(Saved entries)
*** Begin section ***

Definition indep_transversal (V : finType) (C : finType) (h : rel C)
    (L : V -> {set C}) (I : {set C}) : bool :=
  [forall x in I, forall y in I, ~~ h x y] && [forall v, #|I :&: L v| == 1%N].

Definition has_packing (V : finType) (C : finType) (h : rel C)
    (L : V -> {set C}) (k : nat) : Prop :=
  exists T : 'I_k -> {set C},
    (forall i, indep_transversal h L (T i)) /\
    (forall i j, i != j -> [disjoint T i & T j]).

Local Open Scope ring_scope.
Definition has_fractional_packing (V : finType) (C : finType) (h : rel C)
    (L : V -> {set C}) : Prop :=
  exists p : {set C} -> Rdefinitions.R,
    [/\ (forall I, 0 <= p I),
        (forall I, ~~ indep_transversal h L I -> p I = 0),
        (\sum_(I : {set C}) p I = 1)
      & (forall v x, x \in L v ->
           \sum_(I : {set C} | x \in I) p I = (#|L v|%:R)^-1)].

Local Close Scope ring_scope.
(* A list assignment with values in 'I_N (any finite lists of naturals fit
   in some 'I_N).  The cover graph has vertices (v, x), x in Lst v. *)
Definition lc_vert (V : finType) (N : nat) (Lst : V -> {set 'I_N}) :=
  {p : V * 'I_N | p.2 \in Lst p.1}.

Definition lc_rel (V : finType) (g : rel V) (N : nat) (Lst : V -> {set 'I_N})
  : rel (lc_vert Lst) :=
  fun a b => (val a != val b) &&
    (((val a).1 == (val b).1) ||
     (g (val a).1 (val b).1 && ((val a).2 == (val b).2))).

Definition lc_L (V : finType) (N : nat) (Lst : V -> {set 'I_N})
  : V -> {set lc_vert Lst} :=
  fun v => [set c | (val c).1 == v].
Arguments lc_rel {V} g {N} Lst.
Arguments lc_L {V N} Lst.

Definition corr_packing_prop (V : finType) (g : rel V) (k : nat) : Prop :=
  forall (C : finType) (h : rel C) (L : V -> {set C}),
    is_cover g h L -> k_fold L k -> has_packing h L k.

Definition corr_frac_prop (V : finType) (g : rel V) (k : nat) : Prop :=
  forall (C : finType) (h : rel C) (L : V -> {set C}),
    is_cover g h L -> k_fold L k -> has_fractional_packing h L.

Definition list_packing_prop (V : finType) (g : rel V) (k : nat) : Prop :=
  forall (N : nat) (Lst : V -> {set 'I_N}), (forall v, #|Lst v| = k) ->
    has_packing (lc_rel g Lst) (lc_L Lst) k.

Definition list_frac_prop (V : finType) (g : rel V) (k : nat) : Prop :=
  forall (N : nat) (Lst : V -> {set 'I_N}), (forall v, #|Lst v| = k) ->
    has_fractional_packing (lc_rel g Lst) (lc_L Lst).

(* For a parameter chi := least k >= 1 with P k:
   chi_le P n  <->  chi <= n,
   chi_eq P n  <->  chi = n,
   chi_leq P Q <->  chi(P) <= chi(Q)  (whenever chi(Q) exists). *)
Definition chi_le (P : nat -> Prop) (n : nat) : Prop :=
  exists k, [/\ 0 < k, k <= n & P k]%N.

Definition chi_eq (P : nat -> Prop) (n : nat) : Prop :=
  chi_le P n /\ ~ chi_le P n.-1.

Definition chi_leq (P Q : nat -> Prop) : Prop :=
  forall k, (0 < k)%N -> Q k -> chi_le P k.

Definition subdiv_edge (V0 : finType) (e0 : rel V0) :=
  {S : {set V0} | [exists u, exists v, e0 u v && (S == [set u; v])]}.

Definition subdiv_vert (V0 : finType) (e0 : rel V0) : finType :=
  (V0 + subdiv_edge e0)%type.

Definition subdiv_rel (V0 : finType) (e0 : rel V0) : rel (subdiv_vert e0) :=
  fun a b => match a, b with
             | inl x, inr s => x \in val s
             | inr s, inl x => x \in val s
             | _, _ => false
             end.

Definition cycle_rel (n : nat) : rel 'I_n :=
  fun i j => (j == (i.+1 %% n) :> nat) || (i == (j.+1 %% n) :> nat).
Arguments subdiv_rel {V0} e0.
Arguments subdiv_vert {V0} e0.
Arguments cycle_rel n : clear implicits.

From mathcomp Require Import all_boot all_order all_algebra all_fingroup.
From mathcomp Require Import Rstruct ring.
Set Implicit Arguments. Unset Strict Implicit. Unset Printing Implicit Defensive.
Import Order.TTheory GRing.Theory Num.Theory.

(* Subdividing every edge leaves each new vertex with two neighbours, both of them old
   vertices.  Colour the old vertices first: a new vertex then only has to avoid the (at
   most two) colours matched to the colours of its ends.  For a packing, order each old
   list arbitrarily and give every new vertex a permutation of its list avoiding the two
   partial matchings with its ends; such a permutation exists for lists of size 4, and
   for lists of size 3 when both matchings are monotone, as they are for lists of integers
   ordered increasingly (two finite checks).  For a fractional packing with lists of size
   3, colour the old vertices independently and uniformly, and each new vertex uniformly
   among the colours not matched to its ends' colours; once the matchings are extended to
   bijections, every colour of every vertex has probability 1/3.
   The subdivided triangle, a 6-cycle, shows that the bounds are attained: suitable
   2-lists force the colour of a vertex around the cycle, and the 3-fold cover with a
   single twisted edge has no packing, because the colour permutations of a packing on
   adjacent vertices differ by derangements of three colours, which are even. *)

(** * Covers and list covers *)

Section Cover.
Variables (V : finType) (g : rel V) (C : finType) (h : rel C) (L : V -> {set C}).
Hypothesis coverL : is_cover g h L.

*** End section ***

WHAT THE TASK REQUIRES
Show the lines from the data above that contain the string "ends".

TASK SOLUTION
   most two) colours matched to the colours of its ends.  For a packing, order each old
   partial matchings with its ends; such a permutation exists for lists of size 4, and
   among the colours not matched to its ends' colours; once the matchings are extended to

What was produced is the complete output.